Right away, something *should* have clicked in my head but I guess I’m so amazingly tired that none of my usual paranoia alarms went off. C’mon we’ve got movies such as “Friday the 13th” that clearly illustrate that it’s a bad day to do anything important (let alone server maintenance) … so something should have clicked in my head but alas … nothing … so read on for the horror story … or skip to the “How did I fix it?” part to read about what went wrong and how to fix it if you run into it.
But What Did I Really Need To Do On That Partitioned Server?
So, if you are still reading this, you may ask, “Sir, what did you really need to do on that particular server?”. And the answer is quite simple … I just needed to un-install one of the un-used partitions on the server and run a compact on some of the databases of the 2 other partitions to bring them up to the latest-and-greatest-omg-it-slices-and-dices-but-wait-theres-more ODS level (51). Simple enough right? Nothing that would scare the pants off your usual run-of-the-mill Lotus Domino Administrator as far as I know.
Ok, So … What Happened?
Wow, you’re still reading this? Thanks! Well, I “remote desktoped” into the server and un-installed the unused partition and that went well.
I also ran a compact on the databases to upgrade them to the latest ODS … and that also went well.
I then rebooted the server to complete the maintenance (I always like to do reboots just to clear up the Windows Server memory) … and I waited. And … I waited some more. And … some more. After 10 minutes of waiting without being able to remote desktop back into the server, it was clear that something was wrong. I tried to “ping” the server but it would not even respond … I thought “oh my, Windows must have Blue Screened” …
And It Got Worse … Right?
Yep, it did but not in the way that you’d expect. Long story short, I had (politely) asked for the login information for the ILO (HP’s Integrated Lights Out) to be added to the list of ILO information in a database that we have where I work. That usually covers our lower-back-part in case Windows crashes because ILO allows you to remote control the machine via another interface. I assumed, and trusted, that people would have done that already because I usually bend-over-backwards for them when they ask me something … and sadly, my assumption was horribly wrong because the ILO information wasn’t anywhere to be found!
Knowing full well that it was lunch time for me and midnight for the folks over in the Asia-Pacific region, I said “dammit (jim) this is an emergency, so I have the rights to wake one of guys over there up” … and I tried to call the cell phone of the LAN Admin whom I knew the ILO information. But … no answer! I then tried his home phone number: no answer either. I re-tried his cell. Still no answer. Plan B: I decided to punish call another LAN Admin in the Asia-Pacific region … also no answer!

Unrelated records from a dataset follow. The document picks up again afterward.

(* Let $D\ge1$, let $\sigma_I,\sigma_E\in C^2(\mathbb{R}^D)$ and set $\Sigma:=\sigma_I-\sigma_E$. Assume that $\nabla^2_\Xi\Sigma(\Xi)>0$ (positive definite) for all $\Xi$ and that $\nabla_\Xi\Sigma:\mathbb{R}^D\to\mathbb{R}^D$ is onto. Let $G\in C^2(\mathbb{R}^D)$ be a function with $\nabla_\tau G(\tau)=-(\nabla_\Xi\Sigma)^{-1}(-\tau)$ for all $\tau\in\mathbb{R}^D$, and define $$\Psi(\Xi,\tau):=\sigma_I(\Xi)+\Xi\cdot\tau+G(\tau),\qquad (\Xi,\tau)\in\mathbb{R}^D\times\mathbb{R}^D .$$ Assume moreover that there are constants $\gamma_I>\gamma_v>0$ such that, for all $\Xi\in\mathbb{R}^D$, $$\nabla^2_\Xi\sigma_I(\Xi)\ \ge\ \gamma_I\,\mathbb{I}_D\ >\ \gamma_v\,\mathbb{I}_D\ \ge\ \nabla^2_\Xi\Sigma(\Xi)\ >\ 0$$ in the sense of symmetric matrices. Then there is $\delta>0$ such that $\nabla^2_{(\Xi,\tau)}\Psi(\Xi,\tau)\ge\delta\,\mathbb{I}_{2D}$ for all $(\Xi,\tau)\in\mathbb{R}^D\times\mathbb{R}^D$.
   Context: Under the stated hypotheses $\nabla_\Xi\Sigma$ is a bijection of $\mathbb{R}^D$ with $C^1$ inverse $(\nabla_\Xi\Sigma)^{-1}$, whose Jacobian is symmetric, so a function $G$ with the stated gradient exists (unique up to an additive constant). $\mathbb{I}_k$ denotes the $k\times k$ identity matrix; inequalities between symmetric matrices are in the sense of quadratic forms. In the paper's application $D=19$ (three space dimensions) or $D=5$ (two space dimensions). *)

From HB Require Import structures.
From mathcomp Require Import all_boot all_order all_algebra.
From mathcomp Require Import all_classical all_reals all_analysis.
Set Implicit Arguments. Unset Strict Implicit. Unset Printing Implicit Defensive.
Import Order.TTheory GRing.Theory Num.Theory.
Import numFieldNormedType.Exports.
Local Open Scope ring_scope.

Definition ebasis (R : realType) (n : nat) (i : 'I_n) : 'rV[R]_n := delta_mx 0 i.

Definition partial (R : realType) (n : nat) (i : 'I_n) (f : 'rV[R]_n -> R)
  : 'rV[R]_n -> R := fun x => 'D_(ebasis R i) f x.

Definition C2 (R : realType) (n : nat) (f : 'rV[R]_n -> R) : Prop :=
  continuous f /\
  (forall i x, derivable f x (ebasis R i)) /\
  (forall i, continuous (partial i f)) /\
  (forall i j x, derivable (partial i f) x (ebasis R j)) /\
  (forall i j, continuous (partial j (partial i f))).

Definition gradient (R : realType) (n : nat) (f : 'rV[R]_n -> R) (x : 'rV[R]_n)
  : 'rV[R]_n := \row_i partial i f x.

Definition hessian (R : realType) (n : nat) (f : 'rV[R]_n -> R) (x : 'rV[R]_n)
  : 'M[R]_n := \matrix_(i, j) partial j (partial i f) x.

Definition qform (R : realType) (n : nat) (A : 'M[R]_n) (v : 'rV[R]_n) : R :=
  (v *m A *m v^T) 0 0.

Definition mx_ge (R : realType) (n : nat) (A B : 'M[R]_n) : Prop :=
  forall v : 'rV[R]_n, qform B v <= qform A v.

Definition mx_posdef (R : realType) (n : nat) (A : 'M[R]_n) : Prop :=
  forall v : 'rV[R]_n, v != 0 -> 0 < qform A v.

Definition dotv (R : realType) (n : nat) (u v : 'rV[R]_n) : R := (u *m v^T) 0 0.

Definition Psi (R : realType) (D : nat) (sigmaI G : 'rV[R]_D -> R)
  (z : 'rV[R]_(D + D)) : R :=
  sigmaI (lsubmx z) + dotv (lsubmx z) (rsubmx z) + G (rsubmx z).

At that point, I knew I was in deep doo doo! Finally, I asked the Senior LAN Admin for the Americas region of the company that I work for to try to find this info. Lucky for me, after about 30 minutes, he managed to find an old reference to it somewhere in his emails!
Phew … You Had Access To The Machine … What Was Wrong?
Once we ILO’ed back into the machine, we saw that it was stuck at “Applying Preferences”. After some more waiting, we ran out of patience and rebooted it. Too bad for us: it got stuck at the same place! After 2 more reboots for good measure and one final reboot in Safe Mode with Networking, the Senior LAN Admin for my region figured out what was wrong: the server was freezing when it was trying to start the Lotus Domino Server partitions!
So, he set them to run manually, rebooted and handed me back the control while he went back to fighting fires in the Americas region.
How did I fix it?
Once I was back into the server (again, via Remote Desktop), I went to the Windows Services panel and started one of the Lotus Domino Partitions. An error that I had previously ran into instantly reared its ugly head … and what was the error?
It was the good ol’ “An error occurred during license use management initialization. Ensure that you are running Domino with a valid license file” error. You can read about that nightmarish upgrade where I ran into this error for the first time on one of my 1st blog post here.
And the solution when you run into that nice ”An error occurred during license use management initialization …” error hasn’t changed since I last ran into it: simply re-run the Lotus Domino R8.5.1 installer and it will fix it automagically (see the IBM technote here).
So, now that everything is back up again … I promise never to do Server Maintenance on a Friday the 13th ever again …